Illustration of three general ways in which an object can change its fractal dimension. Example shows a triangle sine wave changing its (A) frequency, (B) amplitude, and (C) shape. Both (B) and (C) lead to a volume change whereas (A) does not.

The above fundamental physical arguments support the notion that VTCs by way of contraction must participate in the pressure–volume work done as they clearly change their size throughout the cardiac cycle. These changes are more clearly shown in Video S1. These small-scale features are essentially small blood-containing cavities along the inner surface of the left ventricle. As the VTCs contract, these pockets flatten out thus expelling the blood that they once contained, as shown by the reduction in fractal dimension in Figure 6. In the absence of VTCs the entire ejection must be accounted for by the overall translation of the ventricular walls. As seen in Figure 5, wall translation occurs simultaneously with the flattening of VTCs. Figure 6 also shows that the VTCs remain flattened through late diastole.

These combined methods of blood displacement, via “squeezing pockets” and wall translation could help overall ventricular function in a manner similar to the way a mechanical transmission system operates. In the case of the transmission, large forces are initially needed to initiate movement, and this is accomplished at the expense of displacement (this is the concept of mechanical leverage). However, with the gain of momentum, the gear ratio can be shifted in order to yield larger displacement without the need for such large forces. The observations presented here are very similar. Systolic ejection of blood appears to be achieved by changing the small-scale geometric features to minimize mechanical effort. The Law of Laplace states that, to develop a certain pressure inside the ventricle, less muscular tension is required for a region of high curvature as opposed to one of low curvature (Burton 1957). As the inner curvature of cavities formed by VTC are large, the relative mechanical forces in the tangential direction need not be great to develop a significant fluid pressure within the cavities thus reducing the effort to initial ejection, which is analogous to starting in a small gear. Once this has occurred, the ventricular walls can then move inward in order to expel the rest of the blood contained in the ventricle, a process corresponding to a higher gear in the mechanical transmission example. During diastole, however, there is no contribution to mechanical effort through this physical mechanism. Therefore, we do not see the VTC projections reappear until late diastole. Thus, VTCs help by providing more leverage at the initiation of ejection.

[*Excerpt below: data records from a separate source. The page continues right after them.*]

(* Let $p$ be an odd prime and $k\ge 0$. For every $s\ge 1$, every $0\le l<p^k$ and every $0\le l'<p^{k+1}$, $$\sum_{P\in\mathcal P(V_{s,l})}(-1)^{\mathrm{inv}(P)}=0\qquad\text{and}\qquad \sum_{P\in\mathcal P(W_{s+1,l'})}(-1)^{\mathrm{inv}(P)}=0 .$$
   Context: Fix an odd prime $p$ and an integer $k\ge 0$. For integers $0\le i<n$ write $\lambda(n,i)=(n-i,1^i)$ for the hook partition of $n$ with $n-i$ boxes in its first row and $i$ further boxes in its first column. If $\mu=\lambda(n',i')$ is obtained from $\lambda(n,i)$ by appending $m=(n'-i')-(n-i)\ge 0$ boxes to the first row and $n''=i'-i\ge 0$ boxes to the first column, we say $\mu$ is obtained by adding the block $B_{m,n''}$ ($m$ horizontal nodes, $n''$ vertical nodes). Put $x_s=p^k(sp-(s+1))$. The relevant part (''column $k$'') of the $p$-Bratteli diagram is the graded directed graph with vertices: on floor $2k+1$, $S_i=\lambda(p^k(p-1),i)$ for $0\le i<p^k(p-1)$; on floor $2(k+s)$ ($s\ge1$), $V_{s,l}=\lambda\big(p^k(2sp-(2s+1)),\,x_s+l\big)$ for $0\le l<p^k$; on floor $2(k+s)-1$ ($s\ge2$), $W_{s,l'}=\lambda\big(p^k((2s-1)p-2s),\,x_{s-1}+l'\big)$ for $0\le l'<p^{k+1}$; and edges, each labelled by the block added: (E1) $S_i\to V_{1,l}$ exactly when $i=p^kt+l$ with $0\le t\le p-2$, block $B_{p^kt,\,p^k(p-2-t)}$; (E2) for $s\ge2$, $0\le l<p^k$, $0\le\beta\le p-1$: $V_{s-1,l}\to W_{s,pl+\beta}$, block $B_{p^k(p-1)-((p-1)l+\beta),\,(p-1)l+\beta}$; (E3) for $s\ge 2$, $0\le l'<p^{k+1}$ and $t=\lfloor l'/p^k\rfloor$: $W_{s,l'}\to V_{s,l'-p^kt}$, block $B_{p^kt,\,p^k(p-1-t)}$. A path ending at a vertex $v$ is a sequence of edges starting at some $S_i$ and going up one floor at a time to $v$ ($S_i\to V_{1,\cdot}\to W_{2,\cdot}\to V_{2,\cdot}\to W_{3,\cdot}\to\cdots\to v$); $\mathcal P(v)$ is the set of all paths ending at $v$. The blocks of a path are numbered $B^2,B^3,\dots,B^N$: $B^2$ is the block of the edge leaving $S_i$, and for $j\ge2$, $B^{2j-1}$ is the block of the edge into $W_{j,\cdot}$ and $B^{2j}$ the block of the edge into $V_{j,\cdot}$. Write $B^j=B_{m_j,n_j}$. Inversions: $(1,2)\in\mathrm{Inv}(P)$ iff $m_2=p^kt$ with $0\le t<\frac{p-1}{2}$; for $3\le i<j\le N$, $(i,j)\in\mathrm{Inv}(P)$ iff $m_i>m_j$ and $n_i<n_j$; no other pairs are inversions. $\mathrm{inv}(P)=|\mathrm{Inv}(P)|$. *)

From HB Require Import structures.
From mathcomp Require Import all_boot all_order all_algebra.
Set Implicit Arguments. Unset Strict Implicit. Unset Printing Implicit Defensive.
Import GRing.Theory.

(* Vertices of "column k" of the p-Bratteli diagram:
   VS i    = S_i     (floor 2k+1),
   VV s l  = V_{s,l} (floor 2(k+s)),
   VW s l' = W_{s,l'} (floor 2(k+s)-1). *)
Inductive vtx := VS of nat | VV of nat & nat | VW of nat & nat.

Definition vtx_code (v : vtx) : nat * nat * nat :=
  match v with VS i => (0, 0, i) | VV s l => (1, s, l) | VW s l => (2, s, l) end.
Definition vtx_decode (c : nat * nat * nat) : vtx :=
  match c with (0, _, i) => VS i | (1, s, l) => VV s l | (_, s, l) => VW s l end.
Lemma vtx_codeK : cancel vtx_code vtx_decode. Proof. by case. Qed.
HB.instance Definition _ := Equality.copy vtx (can_type vtx_codeK).

Definition vfloor (k : nat) (v : vtx) : nat :=
  match v with
  | VS _ => (2 * k).+1
  | VV s _ => 2 * (k + s)
  | VW s _ => (2 * (k + s)).-1
  end.

Definition vlevel (v : vtx) : nat :=
  match v with VS _ => 0 | VV s _ => s | VW s _ => s end.

(* Edges: [edge p k u w = Some (m, n)] iff there is an edge u -> w, labelled by
   the block B_{m,n}; [None] iff there is no edge. *)
Definition edge (p k : nat) (u w : vtx) : option (nat * nat) :=
  match u, w with
  | VS i, VV 1 l =>
      (* (E1): i = p^k t + l, 0 <= t <= p-2, block B_{p^k t, p^k (p-2-t)} *)
      if [&& i < p ^ k * (p - 1), l < p ^ k & i %% p ^ k == l] then
        let t := i %/ p ^ k in Some (p ^ k * t, p ^ k * (p - 2 - t))
      else None
  | VV s1 l, VW s2 l' =>
      if [&& 1 <= s1, s2 == s1.+1, l < p ^ k & l' %/ p == l] then
        let beta := l' %% p in
        let c := (p - 1) * l + beta in
        Some (p ^ k * (p - 1) - c, c)
      else None
  | VW s1 l', VV s2 l =>
      if [&& 2 <= s1, s2 == s1, l' < p ^ (k.+1) & l == l' - p ^ k * (l' %/ p ^ k)]
      then let t := l' %/ p ^ k in Some (p ^ k * t, p ^ k * (p - 1 - t))
      else None
  | _, _ => None
  end.

Definition column (p k smax : nat) : seq vtx :=
  [seq VS i | i <- iota 0 (p ^ k * (p - 1))]
  ++ [seq VV s l | s <- iota 1 smax, l <- iota 0 (p ^ k)]
  ++ [seq VW s l | s <- iota 2 (smax - 1), l <- iota 0 (p ^ k.+1)].

Fixpoint lists_of (T : Type) (xs : seq T) (n : nat) : seq (seq T) :=
  match n with
  | 0 => [:: [::]]
  | n.+1 => [seq x :: l | x <- xs, l <- lists_of xs n]
  end.

Definition is_start (p k : nat) (u : vtx) : bool :=
  if u is VS i then i < p ^ k * (p - 1) else false.

Definition is_path (p k : nat) (v : vtx) (P : seq vtx) : bool :=
  match P with
  | [::] => false
  | u :: rest =>
      [&& is_start p k u,
          path (fun a b => (edge p k a b != None) && (vfloor k b == (vfloor k a).+1))
               u rest
        & last u rest == v]
  end.

Definition paths_to (p k : nat) (v : vtx) : seq (seq vtx) :=
  [seq P <- lists_of (column p k (vlevel v)) (vfloor k v - 2 * k) | is_path p k v P].

(* The blocks B^2, ..., B^N of a path with N vertices. *)
Definition blocks (p k : nat) (P : seq vtx) : seq (nat * nat) :=
  match P with
  | [::] => [::]
  | u :: rest => pmap id (pairmap (edge p k) u rest)
  end.

Definition inv (p k : nat) (bs : seq (nat * nat)) : nat :=
  let N := (size bs).+1 in
  let B j := nth (0, 0) bs (j - 2) in
  nat_of_bool (if bs is (m2, _) :: _ then [exists t : 'I_((p - 1)./2), m2 == p ^ k * t]
               else false)
  + \sum_(3 <= i < N.+1) \sum_(i.+1 <= j < N.+1)
       nat_of_bool (((B j).1 < (B i).1) && ((B i).2 < (B j).2)).

Definition signed_count (p k : nat) (v : vtx) : int :=
  (\sum_(P <- paths_to p k v) (-1) ^+ inv p k (blocks p k P))%R.

(* Fix the tail Q of a path, from V_{1,l} upwards, and vary its start S_i.
   Only the inversion (1,2) depends on S_i, through t = i / p^k; all other
   inversions involve the blocks B^3, ..., B^N of Q alone.  The starts with
   i mod p^k = l are exactly S_{p^k t + l}, 0 <= t <= p-2, and the sign
   (-1)^[t < (p-1)/2] is -1 for exactly half of them, so their contributions
   cancel.  Summing over all tails gives 0 at every vertex other than an S_i. *)

From Pilot Require Import Defs.
From mathcomp Require Import all_boot all_order all_algebra.
From mathcomp Require Import zify.
Import GRing.Theory.
Local Open Scope ring_scope.

Lemma sum_sign_halves (R : pzRingType) (d h : nat) (f : nat -> R) : (0 < d)%N ->
  \sum_(0 <= i < (h + h) * d) (-1) ^+ (i %/ d < h)%N * f (i %% d)%N = 0.
Proof.
move=> d_gt0; rewrite mulnDl (big_cat_nat _ (leq_addr _ _)) //=.
rewrite -{2}[(h * d)%N]add0n big_addn addnK -big_split /=.
apply: big1_seq => i /andP[_]; rewrite mem_index_iota => /andP[_ lt_i_hd].
have -> : ((i + h * d) %/ d < h)%N = false by rewrite addnC divnMDl // ltnNge leq_addr.
rewrite ltn_divLR // lt_i_hd addnC modnMDl expr1 expr0 mulN1r mul1r.
by rewrite addNr.
Qed.

Lemma odd_pred_halves (p : nat) : odd p -> (p - 1 = (p - 1)./2 + (p - 1)./2)%N.
Proof.
rewrite addnn -{1}[(p - 1)%N]odd_double_half; case: p => // q.
by rewrite subSS subn0 /= => /negbTE ->.
Qed.

Lemma sum_lists_of_cons (R : nmodType) (T : Type) (xs : seq T) (n : nat)
    (F : seq T -> R) :
  \sum_(P <- lists_of xs n.+1) F P = \sum_(Q <- lists_of xs n) \sum_(x <- xs) F (x :: Q).
Proof. by rewrite /= big_allpairs_dep exchange_big. Qed.

Definition up_edge (p k : nat) (a b : vtx) : bool :=
  (edge p k a b != None) && (vfloor k b == (vfloor k a).+1).

Lemma is_path_cons p k v u rest :
  is_path p k v (u :: rest) = [&& is_start p k u, path (up_edge p k) u rest & last u rest == v].
Proof. by []. Qed.

(* Inversions among B^3, B^4, ..., where B^j is entry j - 3 of [bs]. *)
Definition tail_inv (bs : seq (nat * nat)) : nat :=
  \sum_(3 <= i < (size bs).+3) \sum_(i.+1 <= j < (size bs).+3)
     ((nth (0, 0) bs (j - 3)).1 < (nth (0, 0) bs (i - 3)).1)%N &&
     ((nth (0, 0) bs (i - 3)).2 < (nth (0, 0) bs (j - 3)).2)%N.

Lemma inv_cons p k b bs :
  Defs.inv p k (b :: bs) = ([exists t : 'I_((p - 1)./2), b.1 == p ^ k * t] + tail_inv bs)%N.
Proof.
case: b => m2 n2; rewrite /Defs.inv /tail_inv /=; congr (_ + _)%N.
apply: eq_big_nat => i /andP[i_ge3 _]; apply: eq_big_nat => j /andP[j_gti _].
by have [-> ->] : (j - 2 = (j - 3).+1 /\ i - 2 = (i - 3).+1)%N by lia.
Qed.

Lemma exists_half_mul (p k q : nat) : (0 < p ^ k)%N ->
  [exists t : 'I_((p - 1)./2), p ^ k * q == p ^ k * t]%N = (q < (p - 1)./2)%N.
Proof.
move=> pk_gt0; apply/existsP/idP => [[t]|lt_q]; last by exists (Ordinal lt_q).
by rewrite eqn_pmul2l // => /eqP ->.
Qed.

Definition path_weight (p k : nat) (v : vtx) (P : seq vtx) : int :=
  if is_path p k v P then (-1) ^+ Defs.inv p k (blocks p k P) else 0.

Lemma signed_count_lists p k v :
  signed_count p k v =
  \sum_(P <- lists_of (column p k (vlevel v)) (vfloor k v - 2 * k)) path_weight p k v P.
Proof. by rewrite /signed_count /paths_to big_filter big_mkcond. Qed.

Lemma filter_start_column p k smax :
  filter (is_start p k) (column p k smax) = [seq VS i | i <- iota 0 (p ^ k * (p - 1))].
Proof.
rewrite /column !filter_cat filter_map.
rewrite (@eq_in_filter _ _ predT) => [|i]; last by rewrite mem_iota.
rewrite filter_predT (@eq_in_filter _ _ pred0) => [|x /allpairsP[[? ?] [_ _ ->]]] //.
rewrite (@eq_in_filter _ _ pred0 [seq VW _ _ | _ <- _, _ <- _]).
  by rewrite !filter_pred0 !cats0.
by move=> x /allpairsP[[? ?] [_ _ ->]].
Qed.

Section StartVertex.

Variables (p k : nat) (v : vtx).
Hypotheses (odd_p : odd p) (pk_gt0 : (0 < p ^ k)%N) (v_notS : forall i, v != VS i).

Lemma path_weight_nonstart u Q : ~~ is_start p k u -> path_weight p k v (u :: Q) = 0.
Proof. by rewrite /path_weight is_path_cons => /negbTE ->. Qed.

Lemma path_weight_start i l rest : (i < p ^ k * (p - 1))%N ->
  path_weight p k v [:: VS i, VV 1 l & rest] =
  (-1) ^+ (i %/ p ^ k < (p - 1)./2)%N *
  (if (i %% p ^ k == l)%N then
     (-1) ^+ tail_inv (blocks p k (VV 1 l :: rest))
       *+ [&& (l < p ^ k)%N, path (up_edge p k) (VV 1 l) rest & last (VV 1 l) rest == v]
   else 0).
Proof.
move=> lt_i; rewrite /path_weight is_path_cons /= lt_i.
have floor_V1 : vfloor k (VV 1 l) = (vfloor k (VS i)).+1 by rewrite /=; lia.
rewrite {1}/up_edge floor_V1 eqxx andbT /= lt_i.
case: (l < p ^ k)%N; case: (i %% p ^ k == l)%N; rewrite /= ?mulr0 //.
case: (path _ _ _); case: (last _ _ == v); rewrite /= ?mulr0 ?mulr1n //.
by rewrite inv_cons /= exists_half_mul // exprD.
Qed.

Lemma path_weight_noedge i w rest : (forall l, w != VV 1 l) ->
  path_weight p k v [:: VS i, w & rest] = 0.
Proof.
case: w => [?|[|[|?]] l|? ?] hw; rewrite /path_weight is_path_cons //= ?andbF //.
by case/negP: (hw l).
Qed.

Lemma sum_start_vertices Q :
  \sum_(0 <= i < p ^ k * (p - 1)) path_weight p k v (VS i :: Q) = 0.
Proof.
case: Q => [|w rest].
  apply: big1 => i _; rewrite /path_weight is_path_cons /=.
  by rewrite eq_sym (negbTE (v_notS i)) !andbF.
have [[l ->]|noedge] : (exists l, w = VV 1 l) \/ (forall l, w != VV 1 l).
- by case: w => [j|[|[|s]] l|s l]; [right | right | left; exists l | right | right].
- under eq_big_seq => i.
    by rewrite mem_index_iota => /andP[_ lt_i]; rewrite path_weight_start //; over.
  set c := (_ *+ _); rewrite {1}odd_pred_halves // mulnC.
  exact: (@sum_sign_halves _ (p ^ k) (p - 1)./2 (fun j => if j == l then c else 0) pk_gt0).
- by apply: big1 => i _; apply: path_weight_noedge.
Qed.

Lemma signed_count_eq0 : signed_count p k v = 0.
Proof.
rewrite signed_count_lists; case: (vfloor k v - 2 * k)%N => [|n].
  by rewrite big_seq1.
rewrite sum_lists_of_cons big1 // => Q _.
rewrite (bigID (is_start p k)) /= [X in _ + X]big1 ?addr0; last first.
  by move=> u /path_weight_nonstart.
rewrite -big_filter filter_start_column big_map.
by have := sum_start_vertices Q; rewrite /index_iota subn0.
Qed.

End StartVertex.

Local Close Scope ring_scope.

Theorem mainTheorem1 (p k : nat) :
  prime p -> odd p ->
  forall s : nat, 1 <= s ->
    (forall l : nat, l < p ^ k -> signed_count p k (VV s l) = 0%R) /\
    (forall l' : nat, l' < p ^ k.+1 -> signed_count p k (VW s.+1 l') = 0%R).
Proof.
move=> p_prime odd_p s _; have pk_gt0 : 0 < p ^ k by rewrite expn_gt0 prime_gt0.
by split=> l _; apply: signed_count_eq0.
Qed.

In summary, we have presented new insight into the physical role of the complex anatomical features called VTCs that are present on the ventricular-blood interface in the human heart. Given the complexity of their geometry, the tools of fractal geometry have been utilized to quantitatively describe the anatomical changes in VTC geometry over the cardiac cycle. We show that the significant changes in multi-fractal dimension at the VTC length scales describe a mechanism to enhance mechanical leverage to initiate ejection during early systole. These results are the first of its kind to describe the complex biomechanical role of VTCs in the physiology of ventricular ejection phase. Future work is obviously needed to better understand the clinical relevance of the above findings with respect to factors such as age, gender, status of heart disease, etc. in large patient databases. The limitation of this study is that it only offers a novel hypothesis regarding the potentially new mechanical role of VTCs in cardiac pumping.